In the past, resistance to the adsorption of protein by a polymeric (or other) material has been accomplished by, for example, the radio frequency glow discharge plasma deposition of tetraethylene glycol dimethyl ether onto a polymeric material; coating of a polymeric material with polyethylene oxide-containing block copolymer surfactants or a polyethoxylated alkylphenol or long-chain aliphatic alcohol, with or without a radio frequency argon glow discharge treatment after the polymeric material has been coated; immobilization of baboon albumin on radio frequency glow discharge-treated surfaces; radio frequency glow discharge polymerization of monomers on the surface of a material; a coating of a crosslinked polypropylene glycol/polyglycidoxy propyl methyl siloxane network which contains polyethylene glycol monomethyl ether chains; use of interpenetrating polymer networks of poly(ethylene oxide) and a polyether substituted polysiloxane; use of poly(dimethylsiloxane)-poly(ethylene oxide)-heparin CBABC type block copolymers; and use of immobilized poly(ethylene glycol) films.

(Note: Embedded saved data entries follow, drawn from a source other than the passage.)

(* Consider the semi-discrete flux globalization based low-dissipation path-conservative central-upwind (LD PCCU) scheme described in the context, and assume that all quantities appearing in it are well defined (all densities $\rho^\pm_{j+1/2}>0$, all $\Gamma^\pm_{j+1/2}>0$, the square roots defining $c^\pm_{j+1/2}$ are real, $a^+_{j+1/2}-a^-_{j+1/2}>0$, and $\rho^*_{j+1/2}\neq0$, $\Gamma^*_{j+1/2}\neq0$ for all relevant $j$). 1. If at some time $t$ the cell averages satisfy $\overline\Gamma_j\equiv\widehat\Gamma$ and $\overline\Pi_j\equiv\widehat\Pi$ for all $j$ (including ghost cells), where $\widehat\Gamma,\widehat\Pi$ are constants, then $$\frac{d}{dt}\overline\Gamma_j=\frac{d}{dt}\overline\Pi_j=0\quad\text{for all } j=1,\dots,N,$$ i.e., the fourth and fifth components of the right-hand side of the semi-discrete scheme vanish. 2. Suppose that at time level $t^n$ the cell-centered velocities and pressures satisfy $u^n_j\equiv\widehat u$ and $p^n_j\equiv\widehat p$ for all $j$ (including ghost cells), with constants $\widehat u,\widehat p$, and let the cell averages at $t^{n+1}=t^n+\Delta t$ be computed by one forward Euler step $$\overline{\mathbf U}^{\,n+1}_j=\overline{\mathbf U}^{\,n}_j-\frac{\Delta t}{\Delta x}\Big(\boldsymbol{\mathcal K}_{j+1/2}-\boldsymbol{\mathcal K}_{j-1/2}\Big),\qquad j=1,\dots,N,$$ with the numerical fluxes evaluated from the data at $t^n$. Assume $\overline\rho^{\,n+1}_j\neq0$ and $\overline\Gamma^{\,n+1}_j\neq0$. Then $$u^{n+1}_j:=\frac{(\overline{\rho u})^{n+1}_j}{\overline\rho^{\,n+1}_j}=\widehat u,\qquad p^{n+1}_j:=\frac{1}{\overline\Gamma^{\,n+1}_j}\Big[\overline E^{\,n+1}_j-\frac{\big((\overline{\rho u})^{n+1}_j\big)^2}{2\overline\rho^{\,n+1}_j}-\overline\Pi^{\,n+1}_j\Big]=\widehat p\qquad\text{for all } j=1,\dots,N.$$
   Context: Model: the 1-D $\gamma$-based multifluid system $\rho_t+(\rho u)_x=0$, $(\rho u)_t+(\rho u^2+p)_x=0$, $E_t+[u(E+p)]_x=0$, $\Gamma_t+(u\Gamma)_x=\Gamma u_x$, $\Pi_t+(u\Pi)_x=\Pi u_x$, where $\Gamma=1/(\gamma-1)$, $\Pi=\gamma\pi_\infty/(\gamma-1)$ and the EOS is $p=(E-\tfrac12\rho u^2-\Pi)/\Gamma$. Write $\mathbf U=(\rho,\rho u,E,\Gamma,\Pi)^\top$, $\mathbf F(\mathbf U)=(\rho u,\rho u^2+p,u(E+p),u\Gamma,u\Pi)^\top$. Let ${\rm minmod}(c_1,c_2)$ equal $\min(c_1,c_2)$ if both are positive, $\max(c_1,c_2)$ if both are negative, and $0$ otherwise. Mesh and data: uniform cells $C_j=[x_{j-1/2},x_{j+1/2}]$ of width $\Delta x$, $j=1,\dots,N$, together with finitely many ghost cells on each side supplying the data needed below. Cell averages $\overline{\mathbf U}_j=(\overline\rho_j,(\overline{\rho u})_j,\overline E_j,\overline\Gamma_j,\overline\Pi_j)^\top$ are given; set $u_j=(\overline{\rho u})_j/\overline\rho_j$, $p_j=\big[\overline E_j-((\overline{\rho u})_j)^2/(2\overline\rho_j)-\overline\Pi_j\big]/\overline\Gamma_j$, and $\mathbf V_j=(\overline\rho_j,u_j,p_j,\overline\Gamma_j,\overline\Pi_j)^\top$. Reconstruction: $\mathbf V^-_{j+1/2}=\mathbf V_j+\tfrac{\Delta x}{2}(\mathbf V_x)_j$, $\mathbf V^+_{j+1/2}=\mathbf V_{j+1}-\tfrac{\Delta x}{2}(\mathbf V_x)_{j+1}$, where the slopes $(\mathbf V_x)_j$ are computed componentwise by a limiter (e.g. generalized minmod or SBM) with the property that the slope of a component vanishes whenever that component takes the same value in all cells of the stencil. Write $\mathbf V^\pm_{j+1/2}=(\rho^\pm,u^\pm,p^\pm,\Gamma^\pm,\Pi^\pm)_{j+1/2}$, and define $E^\pm_{j+1/2}=\Gamma^\pm_{j+1/2}p^\pm_{j+1/2}+\tfrac12\rho^\pm_{j+1/2}(u^\pm_{j+1/2})^2+\Pi^\pm_{j+1/2}$, $\mathbf U^\pm_{j+1/2}=(\rho^\pm,\rho^\pm u^\pm,E^\pm,\Gamma^\pm,\Pi^\pm)^\top_{j+1/2}$, $\mathbf F^\pm_{j+1/2}=\mathbf F(\mathbf U^\pm_{j+1/2})$. Global fluxes: let $\mathbf B_j=\big(0,0,0,\tfrac{\Gamma^-_{j+1/2}+\Gamma^+_{j-1/2}}{2}(u^-_{j+1/2}-u^+_{j-1/2}),\tfrac{\Pi^-_{j+1/2}+\Pi^+_{j-1/2}}{2}(u^-_{j+1/2}-u^+_{j-1/2})\big)^\top$ and $\mathbf B_{\Psi,j+1/2}=\big(0,0,0,\tfrac{\Gamma^+_{j+1/2}+\Gamma^-_{j+1/2}}{2}(u^+_{j+1/2}-u^-_{j+1/2}),\tfrac{\Pi^+_{j+1/2}+\Pi^-_{j+1/2}}{2}(u^+_{j+1/2}-u^-_{j+1/2})\big)^\top$. Set $\mathbf R^-_{1/2}=\mathbf 0$, $\mathbf R^+_{1/2}=\mathbf B_{\Psi,1/2}$, and recursively $\mathbf R^-_{j+1/2}=\mathbf R^+_{j-1/2}+\mathbf B_j$, $\mathbf R^+_{j+1/2}=\mathbf R^-_{j+1/2}+\mathbf B_{\Psi,j+1/2}$ for $j=1,\dots,N$; then $\mathbf K^\pm_{j+1/2}=\mathbf F^\pm_{j+1/2}-\mathbf R^\pm_{j+1/2}$. Local speeds: $c=\sqrt{[(1+\Gamma)p+\Pi]/(\Gamma\rho)}$ evaluated at the $\pm$ point values, $a^+_{j+1/2}=\max\{u^-_{j+1/2}+c^-_{j+1/2},u^+_{j+1/2}+c^+_{j+1/2},0\}$, $a^-_{j+1/2}=\min\{u^-_{j+1/2}-c^-_{j+1/2},u^+_{j+1/2}-c^+_{j+1/2},0\}$. Anti-diffusion: $\mathbf U^*_{j+1/2}=\dfrac{a^+_{j+1/2}\mathbf U^+_{j+1/2}-a^-_{j+1/2}\mathbf U^-_{j+1/2}-(\mathbf K^+_{j+1/2}-\mathbf K^-_{j+1/2})}{a^+_{j+1/2}-a^-_{j+1/2}}$ with components $(\rho^*,(\rho u)^*,E^*,\Gamma^*,\Pi^* )_{j+1/2}$, $u^*_{j+1/2}=(\rho u)^*_{j+1/2}/\rho^*_{j+1/2}$; for $w\in\{\rho,\Gamma,\Pi\}$, $q^w_{j+1/2}={\rm minmod}\big(-a^-_{j+1/2}(w^*_{j+1/2}-w^-_{j+1/2}),\,a^+_{j+1/2}(w^+_{j+1/2}-w^*_{j+1/2})\big)$; and $\mathbf q_{j+1/2}=q^\rho_{j+1/2}\big(1,u^*,\tfrac12(u^* )^2,0,0\big)^\top_{j+1/2}+q^\Gamma_{j+1/2}\big(0,0,\tfrac{1}{\Gamma^*}\big[E^*-\tfrac{((\rho u)^* )^2}{2\rho^*}-\Pi^*\big],1,0\big)^\top_{j+1/2}+q^\Pi_{j+1/2}(0,0,1,0,1)^\top$. Numerical flux: $\boldsymbol{\mathcal K}_{j+1/2}=\dfrac{a^+_{j+1/2}\mathbf K^-_{j+1/2}-a^-_{j+1/2}\mathbf K^+_{j+1/2}}{a^+_{j+1/2}-a^-_{j+1/2}}+\dfrac{a^+_{j+1/2}a^-_{j+1/2}}{a^+_{j+1/2}-a^-_{j+1/2}}(\mathbf U^+_{j+1/2}-\mathbf U^-_{j+1/2})+\mathbf q_{j+1/2}$. Semi-discrete LD PCCU scheme: $\dfrac{d}{dt}\overline{\mathbf U}_j=-\dfrac{\boldsymbol{\mathcal K}_{j+1/2}-\boldsymbol{\mathcal K}_{j-1/2}}{\Delta x}$, $j=1,\dots,N$. *)

From HB Require Import structures.
From mathcomp Require Import all_boot all_order all_algebra.
Set Implicit Arguments. Unset Strict Implicit. Unset Printing Implicit Defensive.
Import Order.TTheory GRing.Theory Num.Theory.
Local Open Scope ring_scope.

(* Five-component state vectors  (rho, rho u, E, Gamma, Pi). *)
Record vec5 (R : Type) := V5 { c1 : R; c2 : R; c3 : R; c4 : R; c5 : R }.

Section Ops.
Variable R : rcfType.
Definition vadd (a b : vec5 R) : vec5 R :=
  V5 (c1 a + c1 b) (c2 a + c2 b) (c3 a + c3 b) (c4 a + c4 b) (c5 a + c5 b).
Definition vscale (k : R) (a : vec5 R) : vec5 R :=
  V5 (k * c1 a) (k * c2 a) (k * c3 a) (k * c4 a) (k * c5 a).
Definition vsub (a b : vec5 R) : vec5 R := vadd a (vscale (-1) b).
Definition vzero : vec5 R := V5 0 0 0 0 0.

Definition minmod (x y : R) : R :=
  if (0 < x) && (0 < y) then Num.min x y
  else if (x < 0) && (y < 0) then Num.max x y else 0.

Definition vel (U : vec5 R) : R := c2 U / c1 U.
Definition pres (U : vec5 R) : R :=
  (c3 U - (c2 U) ^+ 2 / (2 * c1 U) - c5 U) / c4 U.

Definition flux (U : vec5 R) : vec5 R :=
  let u := vel U in let p := pres U in
  V5 (c2 U) (c2 U * u + p) (u * (c3 U + p)) (u * c4 U) (u * c5 U).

Notwithstanding the advances which have been made in rendering a polymeric fabric wettable and in providing surfaces which are resistant to the adsorption of protein, there still is a need for further improvement in these areas. More particularly, a method is needed by which a polymeric fabric can be durably rendered wettable (or hydrophilic) and resistant to protein adsorption, by applying a surfactant to the fabric from an aqueous medium without the need for a subsequent radiation treatment.